▶ **INPUT DATA**:
(* Let $n\ge 3$ and let $P_n(x)=x^n+a_{n-2}x^{n-2}+\cdots+a_1x+a_0$ be a real monic polynomial of degree $n$ whose coefficient of $x^{n-1}$ is zero. Put $P_{n-1}=\frac1n P_n'$ and define $R_{n-2}$ by $$P_n(x)=\frac{x}{n}P_n'(x)-R_{n-2}(x)=xP_{n-1}(x)-R_{n-2}(x).$$ Assume $P_{n-1}$ has $n-1$ distinct real roots $\alpha_1<\alpha_2<\cdots<\alpha_{n-1}$ and $R_{n-2}$ has $n-2$ distinct real roots $\beta_1<\cdots<\beta_{n-2}$. If $n$ is even, then $$\alpha_1<\beta_1<\alpha_2<\beta_2<\cdots<\alpha_{n-2}<\beta_{n-2}<\alpha_{n-1}$$ if and only if $$\max_{k\in\{1,\dots,\frac{n-2}{2}\}}R_{n-2}(\alpha_{2k})<0<\min_{k\in\{0,\dots,\frac{n-2}{2}\}}R_{n-2}(\alpha_{2k+1}).$$ If $n$ is odd, then the same interlacing holds if and only if $$\max_{k\in\{0,\dots,\frac{n-3}{2}\}}R_{n-2}(\alpha_{2k+1})<0<\min_{k\in\{1,\dots,\frac{n-1}{2}\}}R_{n-2}(\alpha_{2k}).$$
   Context: All polynomials have real coefficients. $R_{n-2}(x)=xP_{n-1}(x)-P_n(x)=\sum_{k=0}^{n-2}\left(\tfrac{k}{n}-1\right)a_kx^k$. *)

From HB Require Import structures.
From mathcomp Require Import all_boot all_order all_algebra.
Set Implicit Arguments. Unset Strict Implicit. Unset Printing Implicit Defensive.
Import Order.TTheory GRing.Theory Num.Theory.
Local Open Scope ring_scope.

Definition Pnm1 (R : realFieldType) (n : nat) (P : {poly R}) : {poly R} :=
  (n%:R)^-1 *: P^`().

Definition Rnm2 (R : realFieldType) (n : nat) (P : {poly R}) : {poly R} :=
  'X * Pnm1 n P - P.

From HB Require Import structures.
From mathcomp Require Import all_boot all_order all_algebra.
From mathcomp Require Import ring lra zify.
Import Order.TTheory GRing.Theory Num.Theory Order.NatMonotonyTheory.
Set Implicit Arguments.
Unset Strict Implicit.
Unset Printing Implicit Defensive.
Local Open Scope ring_scope.

(* P_{n-1} is monic of degree n - 1 with the n - 1
      distinct roots alpha_j, hence equals prod_j (X - alpha_j).  Newton's
      identity e_1^2 - 2 e_2 = sum_j alpha_j^2, where e_1 = 0 because
      a_{n-1} = 0, shows that (n - 2) times the coefficient c of x^(n-2) in
      R_{n-2} is a positive sum of squares; so R_{n-2} = c prod_i (X - beta_i)
      with c > 0.
   2. Sign counting.  Away from its roots, c prod_i (x - beta_i) has the sign
      (-1)^(number of beta_i above x).  Along alpha_1 < ... < alpha_M this
      number is nonincreasing and bounded by M - 1; it has the parity of M - j
      at alpha_j exactly when the signs alternate, and then it must equal
      M - j, which is the same as interlacing.
   3. With M = n - 1, the alternating sign condition splits into the
      conditions on even and odd indices stated in the theorem. *)

Lemma incr_lt (R : realDomainType) (K : nat) (f : nat -> R) :
  (forall i, (1 <= i)%N -> (i < K)%N -> f i < f i.+1) ->
  forall i j, (1 <= i)%N -> (i < j)%N -> (j <= K)%N -> f i < f j.
Proof.
move=> f_incr i j i1 ij jK.
apply: (@homo_ltn_lt_in _ _ [pred k | 1 <= k <= K]%N); rewrite ?inE; try lia.
- by move=> a b; rewrite !inE => ha hb c /andP[]; rewrite !ltEnat inE; lia.
- by move=> k; rewrite !inE => ? ?; apply: f_incr; lia.
Qed.

Lemma incr_le (R : realDomainType) (K : nat) (f : nat -> R) :
  (forall i, (1 <= i)%N -> (i < K)%N -> f i < f i.+1) ->
  forall i j, (1 <= i)%N -> (i <= j)%N -> (j <= K)%N -> f i <= f j.
Proof.
move=> f_incr i j i1; rewrite leq_eqVlt => /orP[/eqP <- // | ij] jK.
exact: ltW (incr_lt f_incr i1 ij jK).
Qed.

Lemma incr_uniq (R : realDomainType) (K : nat) (f : nat -> R) :
  (forall i, (1 <= i)%N -> (i < K)%N -> f i < f i.+1) ->
  uniq [seq f i | i <- iota 1 K].
Proof.
move=> f_incr; rewrite map_inj_in_uniq ?iota_uniq // => i j.
rewrite !mem_iota => hi hj fij.
have [ij|ji|//] := ltngtP i j.
- by have := incr_lt f_incr (i := i) (j := j); rewrite fij ltxx; lia.
- by have := incr_lt f_incr (i := j) (j := i); rewrite fij ltxx; lia.
Qed.

Lemma poly_of_roots (R : fieldType) (p : {poly R}) (s : seq R) (m : nat) (a : R) :
  uniq s -> all (root p) s -> size s = m -> (size p <= m.+1)%N -> p`_m = a ->
  p = a *: \prod_(x <- s) ('X - x%:P).
Proof.
move=> s_uniq s_roots <- size_p <-.
have [q def_p] := uniq_roots_prod_XsubC s_roots (etrans (uniq_rootsE s) s_uniq).
rewrite {}def_p in size_p *.
have monic_s : \prod_(x <- s) ('X - x%:P) \is monic by exact: monic_prod_XsubC.
have size_q : (size q <= 1)%N.
  have [->|q_neq0] := eqVneq q 0; first by rewrite size_poly0.
  by move: size_p; rewrite size_Mmonic // size_prod_XsubC addnS /= -add1n leq_add2r.
rewrite (size1_polyC size_q) coefCM mul_polyC.
by move/monicP: monic_s; rewrite /lead_coef size_prod_XsubC => ->; rewrite mulr1.
Qed.

Lemma poly_of_incr_roots (R : realFieldType) (p : {poly R}) (m : nat)
    (f : nat -> R) (a : R) :
  (forall i, (1 <= i)%N -> (i < m)%N -> f i < f i.+1) ->
  (forall x, root p x <-> exists2 i, (1 <= i <= m)%N & x = f i) ->
  (size p <= m.+1)%N -> p`_m = a ->
  p = a *: \prod_(x <- [seq f i | i <- iota 1 m]) ('X - x%:P).
Proof.
move=> f_incr p_roots; apply: poly_of_roots (incr_uniq f_incr) _ _.
  apply/allP => x /mapP[i]; rewrite mem_iota => i_range ->.
  by apply/p_roots; exists i => //; lia.
by rewrite size_map size_iota.
Qed.

Lemma coef_XsubC_mul (R : comNzRingType) (p : {poly R}) (x : R) (i : nat) :
  (('X - x%:P) * p)`_i.+1 = p`_i - x * p`_i.+1.
Proof. by rewrite mulrBl coefB coefXM coefCM. Qed.

(* Newton's identity e_1^2 - 2 e_2 = p_2: for p = prod_(z in s) (X - z) with
   m >= 2 roots, the sum of their squares is (p_(m-1))^2 - 2 p_(m-2). *)
Lemma sum_sqr_roots (R : comNzRingType) (x y : R) (s : seq R) :
  let p := \prod_(z <- x :: y :: s) ('X - z%:P) in
  p`_(size s).+1 ^+ 2 - 2 * p`_(size s) = \sum_(z <- x :: y :: s) z ^+ 2.
Proof.
elim: s x y => [|z s IH] x y /=.
  rewrite !big_cons !big_nil !mulr1 addr0 coef_XsubC_mul coef0M
    !coefB !coefX !coefC /=; ring.
rewrite big_cons [in RHS]big_cons -IH !coef_XsubC_mul.
have lead1 : (\prod_(t <- y :: z :: s) ('X - t%:P))`_(size s).+2 = 1.
  have /monicP := monic_prod_XsubC (y :: z :: s) predT id.
  by rewrite /lead_coef size_prod_XsubC.
by rewrite lead1; ring.
Qed.

Lemma sum_sqr_gt0 (R : realDomainType) (s : seq R) :
  uniq s -> (2 <= size s)%N -> 0 < \sum_(x <- s) x ^+ 2.
Proof.
case: s => [|x [|y s]] //= /andP[]; rewrite inE negb_or => /andP[x_neq_y _] _ _.
rewrite !big_cons addrA; apply: ltr_wpDr.
  by apply: sumr_ge0 => z _; exact: sqr_ge0.
move: x_neq_y; have [->|x_neq0] := eqVneq x 0 => [y_neq0|_].
  by rewrite expr0n add0r exprn_even_gt0 //= eq_sym.
by apply: ltr_pwDl; rewrite ?sqr_ge0 // exprn_even_gt0.
Qed.

Lemma sign_prod (R : realDomainType) (s : seq R) :
  0 \notin s -> 0 < (-1) ^+ count (fun x => x < 0) s * \prod_(x <- s) x.
Proof.
elim: s => [|x s IH]; first by rewrite big_nil mulr1 ltr01.
rewrite inE negb_or eq_sym big_cons /= exprD mulrACA => /andP[x_neq0 /IH s_pos].
apply: mulr_gt0 => //.
have [x_neg|x_pos|x0] := ltrgtP x 0.
- by rewrite -[nat_of_bool true]/1%N expr1 mulN1r oppr_gt0.
- by rewrite -[nat_of_bool false]/0%N expr0 mul1r.
- by rewrite x0 eqxx in x_neq0.
Qed.

Lemma sign_pos_odd (R : realDomainType) (e : nat) (x : R) :
  0 < (-1) ^+ e * x <-> (if odd e then x < 0 else 0 < x).
Proof.
rewrite -signr_odd; case: (odd e); rewrite ?expr1 ?expr0 ?mul1r ?mulN1r //.
by rewrite oppr_gt0.
Qed.

(* A nonincreasing sequence of naturals whose parity alternates, ending at an
   index M with f 1 < M, must be f j = M - j on [1, M]: each step is a strict
   decrease, and there are exactly M - 1 steps below f 1 <= M - 1. *)
Lemma alternating_parity_count (M : nat) (f : nat -> nat) :
  (forall j, (1 <= j < M)%N -> (f j.+1 <= f j)%N) ->
  (forall j, (1 <= j <= M)%N -> odd (f j) = odd (M - j)) ->
  (f 1 < M)%N ->
  forall j, (1 <= j <= M)%N -> f j = (M - j)%N.
Proof.
move=> f_noninc f_parity f1_lt j j_range.
have f_dec j' : (1 <= j' < M)%N -> (f j'.+1 < f j')%N.
  move=> j'_range; have := f_noninc j' j'_range.
  have := f_parity j' ltac:(lia); have := f_parity j'.+1 ltac:(lia); lia.
have upper j' : (1 <= j' <= M)%N -> (f j' + j' <= f 1 + 1)%N.
  elim: j' => [|j' IH] // j'_range; case: (posnP j') => [-> //|j'_pos].
  have := f_dec j' ltac:(lia); have := IH ltac:(lia); lia.
have lower d : (d < M)%N -> (d <= f (M - d))%N.
  elim: d => [|d IH] // d_lt.
  have := f_dec (M - d.+1)%N ltac:(lia); have := IH ltac:(lia).
  by rewrite (_ : (M - d.+1).+1 = M - d)%N; lia.
have := upper j j_range; have := lower (M - j)%N ltac:(lia).
by rewrite (_ : M - (M - j) = j)%N; lia.
Qed.

Section Interlacing.

Variables (R : realFieldType) (N : nat) (alpha beta : nat -> R) (c : R).
Hypothesis alpha_incr : forall i, (1 <= i)%N -> (i < N.+1)%N -> alpha i < alpha i.+1.
Hypothesis beta_incr : forall i, (1 <= i)%N -> (i < N)%N -> beta i < beta i.+1.
Hypothesis c_gt0 : 0 < c.

Let r : {poly R} := c *: \prod_(x <- [seq beta i | i <- iota 1 N]) ('X - x%:P).

Definition count_above (x : R) : nat := count (fun i => x < beta i) (iota 1 N).

Lemma count_above_le (x : R) (j : nat) : (j <= N)%N ->
  (forall i, (1 <= i <= j)%N -> beta i <= x) -> (count_above x <= N - j)%N.
Proof.
move=> j_le below; rewrite /count_above -(subnKC j_le) iotaD count_cat.
have -> : count (fun i => x < beta i) (iota 1 j) = 0%N.
  apply/eqP; rewrite -leqn0 leqNgt -has_count; apply/hasPn => i.
  by rewrite mem_iota -leNgt => i_range; apply: below; lia.
by rewrite add0n (leq_trans (count_size _ _)) // size_iota; lia.
Qed.

Lemma count_above_ge (x : R) (j : nat) : (1 <= j <= N.+1)%N ->
  (forall i, (j <= i <= N)%N -> x < beta i) -> (N.+1 - j <= count_above x)%N.
Proof.
move=> j_range above; have j'_le : (j.-1 <= N)%N by lia.
rewrite /count_above -(subnKC j'_le) iotaD count_cat.
have -> : count (fun i => x < beta i) (iota (1 + j.-1) (N - j.-1)) =
          size (iota (1 + j.-1) (N - j.-1)).
  apply/eqP; rewrite -all_count; apply/allP => i.
  by rewrite mem_iota => i_range; apply: above; lia.
by rewrite size_iota; lia.
Qed.

Lemma count_above_antimono (x y : R) :
  x <= y -> (count_above y <= count_above x)%N.
Proof. by move=> xy; apply: sub_count => i /=; apply: le_lt_trans. Qed.

Lemma sign_count_above (x : R) : (forall i, (1 <= i <= N)%N -> x != beta i) ->
  0 < (-1) ^+ count_above x * r.[x].
Proof.
move=> x_not_root; rewrite /r hornerZ horner_prod big_map mulrCA.
apply: mulr_gt0 => //.
under eq_bigr do rewrite hornerXsubC.
rewrite -(big_map (fun i => x - beta i) xpredT id) /count_above.
have -> : count (fun i => x < beta i) (iota 1 N) =
          count (fun y => y < 0) [seq x - beta i | i <- iota 1 N].
  by rewrite count_map; apply: eq_count => i /=; rewrite subr_lt0.
apply: sign_prod; apply/mapP => -[i]; rewrite mem_iota => i_range.
by move/eqP; rewrite eq_sym subr_eq0; apply/negP/x_not_root; lia.
Qed.

Lemma root_r (i : nat) : (1 <= i <= N)%N -> r.[beta i] = 0.
Proof.
move=> i_range; rewrite /r hornerZ horner_prod; apply/eqP.
rewrite mulf_eq0 prodf_seq_eq0; apply/orP; right; apply/hasP.
exists (beta i); first by apply: map_f; rewrite mem_iota; lia.
by rewrite /= hornerXsubC subrr.
Qed.

Definition interlaced : Prop :=
  forall i, (1 <= i <= N)%N -> alpha i < beta i /\ beta i < alpha i.+1.

(* Interlacing pins down the number of roots above each alpha_j. *)
Lemma interlaced_signs : interlaced ->
  forall j, (1 <= j <= N.+1)%N -> 0 < (-1) ^+ (N.+1 - j) * r.[alpha j].
Proof.
move=> inter j j_range.
have beta_below i : (1 <= i < j)%N -> beta i < alpha j.
  move=> i_range; apply: (lt_le_trans (proj2 (inter i _))); first lia.
  by apply: (incr_le alpha_incr); lia.
have beta_above i : (j <= i <= N)%N -> alpha j < beta i.
  move=> i_range; apply: (le_lt_trans _ (proj1 (inter i _))); last lia.
  by apply: (incr_le alpha_incr); lia.
have count_eq : count_above (alpha j) = (N.+1 - j)%N.
  apply/eqP; rewrite eqn_leq; apply/andP; split.
    rewrite (_ : N.+1 - j = N - j.-1)%N; last lia.
    by apply: count_above_le => [|i i_range]; [lia | apply/ltW/beta_below; lia].
  exact: count_above_ge.
rewrite -count_eq; apply: sign_count_above => i i_range.
have [ij|ji] := ltnP i j.
  by rewrite gt_eqF // beta_below; lia.
by rewrite lt_eqF // beta_above; lia.
Qed.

▶ **TRY IT**: What is the number of lines in the records holding "Newton"? Give the number alone.

▶ **WRITTEN SOLUTION**: 2